__PROBLEM__
Give back the full material exactly. Omit no line.

__DATA BLOCK__

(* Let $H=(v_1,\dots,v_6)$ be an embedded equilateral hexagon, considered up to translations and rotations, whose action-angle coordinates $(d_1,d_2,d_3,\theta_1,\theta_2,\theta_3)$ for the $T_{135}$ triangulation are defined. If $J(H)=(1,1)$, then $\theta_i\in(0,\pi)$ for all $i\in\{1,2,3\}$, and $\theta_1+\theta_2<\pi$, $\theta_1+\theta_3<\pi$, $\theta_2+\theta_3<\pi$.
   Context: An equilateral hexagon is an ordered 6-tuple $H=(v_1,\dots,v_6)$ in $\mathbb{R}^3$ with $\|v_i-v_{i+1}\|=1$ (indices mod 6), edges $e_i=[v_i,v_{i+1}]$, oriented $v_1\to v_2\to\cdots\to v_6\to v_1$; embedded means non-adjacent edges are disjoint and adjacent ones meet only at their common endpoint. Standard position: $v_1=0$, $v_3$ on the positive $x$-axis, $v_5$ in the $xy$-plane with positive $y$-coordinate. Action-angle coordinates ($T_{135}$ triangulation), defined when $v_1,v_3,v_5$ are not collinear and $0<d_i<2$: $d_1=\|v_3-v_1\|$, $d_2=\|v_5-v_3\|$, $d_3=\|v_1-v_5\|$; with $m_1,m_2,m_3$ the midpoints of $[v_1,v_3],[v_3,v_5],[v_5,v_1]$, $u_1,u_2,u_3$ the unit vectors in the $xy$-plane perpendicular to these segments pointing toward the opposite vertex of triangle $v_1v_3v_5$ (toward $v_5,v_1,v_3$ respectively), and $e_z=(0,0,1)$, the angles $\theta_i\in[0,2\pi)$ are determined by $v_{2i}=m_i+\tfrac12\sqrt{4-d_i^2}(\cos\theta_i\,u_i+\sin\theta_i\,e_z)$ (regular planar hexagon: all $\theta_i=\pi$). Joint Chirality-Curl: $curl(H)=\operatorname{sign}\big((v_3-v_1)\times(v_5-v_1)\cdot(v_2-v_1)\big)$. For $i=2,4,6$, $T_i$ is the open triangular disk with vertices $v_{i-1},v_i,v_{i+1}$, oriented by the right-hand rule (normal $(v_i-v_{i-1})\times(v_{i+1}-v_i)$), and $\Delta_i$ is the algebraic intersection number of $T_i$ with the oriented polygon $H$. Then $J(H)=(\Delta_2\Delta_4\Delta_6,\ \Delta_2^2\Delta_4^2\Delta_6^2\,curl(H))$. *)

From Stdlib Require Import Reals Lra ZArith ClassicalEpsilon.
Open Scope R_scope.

__RESPONSE__
(* Let $H=(v_1,\dots,v_6)$ be an embedded equilateral hexagon, considered up to translations and rotations, whose action-angle coordinates $(d_1,d_2,d_3,\theta_1,\theta_2,\theta_3)$ for the $T_{135}$ triangulation are defined. If $J(H)=(1,1)$, then $\theta_i\in(0,\pi)$ for all $i\in\{1,2,3\}$, and $\theta_1+\theta_2<\pi$, $\theta_1+\theta_3<\pi$, $\theta_2+\theta_3<\pi$.
   Context: An equilateral hexagon is an ordered 6-tuple $H=(v_1,\dots,v_6)$ in $\mathbb{R}^3$ with $\|v_i-v_{i+1}\|=1$ (indices mod 6), edges $e_i=[v_i,v_{i+1}]$, oriented $v_1\to v_2\to\cdots\to v_6\to v_1$; embedded means non-adjacent edges are disjoint and adjacent ones meet only at their common endpoint. Standard position: $v_1=0$, $v_3$ on the positive $x$-axis, $v_5$ in the $xy$-plane with positive $y$-coordinate. Action-angle coordinates ($T_{135}$ triangulation), defined when $v_1,v_3,v_5$ are not collinear and $0<d_i<2$: $d_1=\|v_3-v_1\|$, $d_2=\|v_5-v_3\|$, $d_3=\|v_1-v_5\|$; with $m_1,m_2,m_3$ the midpoints of $[v_1,v_3],[v_3,v_5],[v_5,v_1]$, $u_1,u_2,u_3$ the unit vectors in the $xy$-plane perpendicular to these segments pointing toward the opposite vertex of triangle $v_1v_3v_5$ (toward $v_5,v_1,v_3$ respectively), and $e_z=(0,0,1)$, the angles $\theta_i\in[0,2\pi)$ are determined by $v_{2i}=m_i+\tfrac12\sqrt{4-d_i^2}(\cos\theta_i\,u_i+\sin\theta_i\,e_z)$ (regular planar hexagon: all $\theta_i=\pi$). Joint Chirality-Curl: $curl(H)=\operatorname{sign}\big((v_3-v_1)\times(v_5-v_1)\cdot(v_2-v_1)\big)$. For $i=2,4,6$, $T_i$ is the open triangular disk with vertices $v_{i-1},v_i,v_{i+1}$, oriented by the right-hand rule (normal $(v_i-v_{i-1})\times(v_{i+1}-v_i)$), and $\Delta_i$ is the algebraic intersection number of $T_i$ with the oriented polygon $H$. Then $J(H)=(\Delta_2\Delta_4\Delta_6,\ \Delta_2^2\Delta_4^2\Delta_6^2\,curl(H))$. *)

From Stdlib Require Import Reals Lra ZArith ClassicalEpsilon.
Open Scope R_scope.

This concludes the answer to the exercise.